### SOURCE DATA
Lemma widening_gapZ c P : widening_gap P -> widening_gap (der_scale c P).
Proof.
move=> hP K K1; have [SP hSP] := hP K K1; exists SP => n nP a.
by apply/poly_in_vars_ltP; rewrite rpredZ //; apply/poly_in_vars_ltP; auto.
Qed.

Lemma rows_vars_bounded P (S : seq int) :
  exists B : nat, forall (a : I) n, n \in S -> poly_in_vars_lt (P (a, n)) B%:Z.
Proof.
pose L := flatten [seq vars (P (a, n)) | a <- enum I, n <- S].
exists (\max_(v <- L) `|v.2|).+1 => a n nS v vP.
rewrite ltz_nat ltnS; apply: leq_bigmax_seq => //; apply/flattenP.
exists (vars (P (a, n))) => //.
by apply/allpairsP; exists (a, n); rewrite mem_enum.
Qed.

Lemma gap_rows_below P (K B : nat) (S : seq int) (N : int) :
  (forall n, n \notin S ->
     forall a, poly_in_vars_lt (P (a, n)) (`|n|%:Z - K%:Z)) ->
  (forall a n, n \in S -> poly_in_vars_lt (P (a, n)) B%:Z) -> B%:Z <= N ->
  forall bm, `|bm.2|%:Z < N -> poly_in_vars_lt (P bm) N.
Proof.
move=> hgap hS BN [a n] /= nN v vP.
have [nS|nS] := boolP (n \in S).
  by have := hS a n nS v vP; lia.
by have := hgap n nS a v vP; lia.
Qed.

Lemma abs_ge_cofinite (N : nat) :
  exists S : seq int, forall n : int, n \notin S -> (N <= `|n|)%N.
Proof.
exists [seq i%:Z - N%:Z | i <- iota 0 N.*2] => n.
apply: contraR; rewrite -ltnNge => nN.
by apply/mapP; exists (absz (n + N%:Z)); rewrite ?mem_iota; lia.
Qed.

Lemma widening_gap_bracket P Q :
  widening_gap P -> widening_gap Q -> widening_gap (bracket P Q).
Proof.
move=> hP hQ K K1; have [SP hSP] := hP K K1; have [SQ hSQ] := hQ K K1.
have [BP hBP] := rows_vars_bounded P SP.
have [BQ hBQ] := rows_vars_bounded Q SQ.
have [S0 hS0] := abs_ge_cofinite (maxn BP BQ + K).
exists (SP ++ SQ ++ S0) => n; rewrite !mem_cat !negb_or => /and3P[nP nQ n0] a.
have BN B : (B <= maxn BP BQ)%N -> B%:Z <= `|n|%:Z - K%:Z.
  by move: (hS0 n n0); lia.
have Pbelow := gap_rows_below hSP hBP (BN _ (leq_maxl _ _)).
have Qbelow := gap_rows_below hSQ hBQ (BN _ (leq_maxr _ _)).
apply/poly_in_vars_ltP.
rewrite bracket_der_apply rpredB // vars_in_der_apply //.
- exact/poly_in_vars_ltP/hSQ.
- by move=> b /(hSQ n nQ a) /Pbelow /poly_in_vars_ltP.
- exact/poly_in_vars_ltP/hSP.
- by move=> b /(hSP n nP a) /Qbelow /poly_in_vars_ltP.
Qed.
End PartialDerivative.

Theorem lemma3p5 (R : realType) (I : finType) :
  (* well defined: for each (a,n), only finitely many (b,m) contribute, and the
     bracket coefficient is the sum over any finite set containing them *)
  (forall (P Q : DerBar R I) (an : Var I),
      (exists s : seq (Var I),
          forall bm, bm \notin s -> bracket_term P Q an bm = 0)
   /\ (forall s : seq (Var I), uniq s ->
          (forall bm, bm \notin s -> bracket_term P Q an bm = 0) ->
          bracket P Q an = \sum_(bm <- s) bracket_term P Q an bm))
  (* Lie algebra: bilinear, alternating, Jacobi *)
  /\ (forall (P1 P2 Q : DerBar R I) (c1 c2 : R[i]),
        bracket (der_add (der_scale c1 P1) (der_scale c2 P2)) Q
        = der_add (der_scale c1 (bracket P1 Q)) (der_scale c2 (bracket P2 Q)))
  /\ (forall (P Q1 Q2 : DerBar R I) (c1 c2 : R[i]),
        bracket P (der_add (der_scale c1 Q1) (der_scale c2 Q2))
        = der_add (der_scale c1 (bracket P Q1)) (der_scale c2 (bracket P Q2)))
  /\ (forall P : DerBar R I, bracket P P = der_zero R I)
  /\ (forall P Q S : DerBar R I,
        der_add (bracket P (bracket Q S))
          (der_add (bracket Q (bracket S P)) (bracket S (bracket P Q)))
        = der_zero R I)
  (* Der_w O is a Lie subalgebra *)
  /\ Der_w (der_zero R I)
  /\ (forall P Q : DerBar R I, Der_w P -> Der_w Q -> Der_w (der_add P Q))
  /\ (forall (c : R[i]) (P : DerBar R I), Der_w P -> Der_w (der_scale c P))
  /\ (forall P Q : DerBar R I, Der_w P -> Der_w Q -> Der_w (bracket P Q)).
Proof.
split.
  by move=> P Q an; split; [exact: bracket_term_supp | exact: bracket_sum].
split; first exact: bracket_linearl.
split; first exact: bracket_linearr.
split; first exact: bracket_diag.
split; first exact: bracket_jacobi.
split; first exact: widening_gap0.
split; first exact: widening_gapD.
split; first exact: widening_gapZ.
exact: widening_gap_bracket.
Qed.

### EXERCISE OBJECTIVE
Return, word for word, every line from the top of the entries down to the line that holds "forall a, poly_in_vars_lt", both included.

### RESULT
Lemma widening_gapZ c P : widening_gap P -> widening_gap (der_scale c P).
Proof.
move=> hP K K1; have [SP hSP] := hP K K1; exists SP => n nP a.
by apply/poly_in_vars_ltP; rewrite rpredZ //; apply/poly_in_vars_ltP; auto.
Qed.

Lemma rows_vars_bounded P (S : seq int) :
  exists B : nat, forall (a : I) n, n \in S -> poly_in_vars_lt (P (a, n)) B%:Z.
Proof.
pose L := flatten [seq vars (P (a, n)) | a <- enum I, n <- S].
exists (\max_(v <- L) `|v.2|).+1 => a n nS v vP.
rewrite ltz_nat ltnS; apply: leq_bigmax_seq => //; apply/flattenP.
exists (vars (P (a, n))) => //.
by apply/allpairsP; exists (a, n); rewrite mem_enum.
Qed.

Lemma gap_rows_below P (K B : nat) (S : seq int) (N : int) :
  (forall n, n \notin S ->
     forall a, poly_in_vars_lt (P (a, n)) (`|n|%:Z - K%:Z)) ->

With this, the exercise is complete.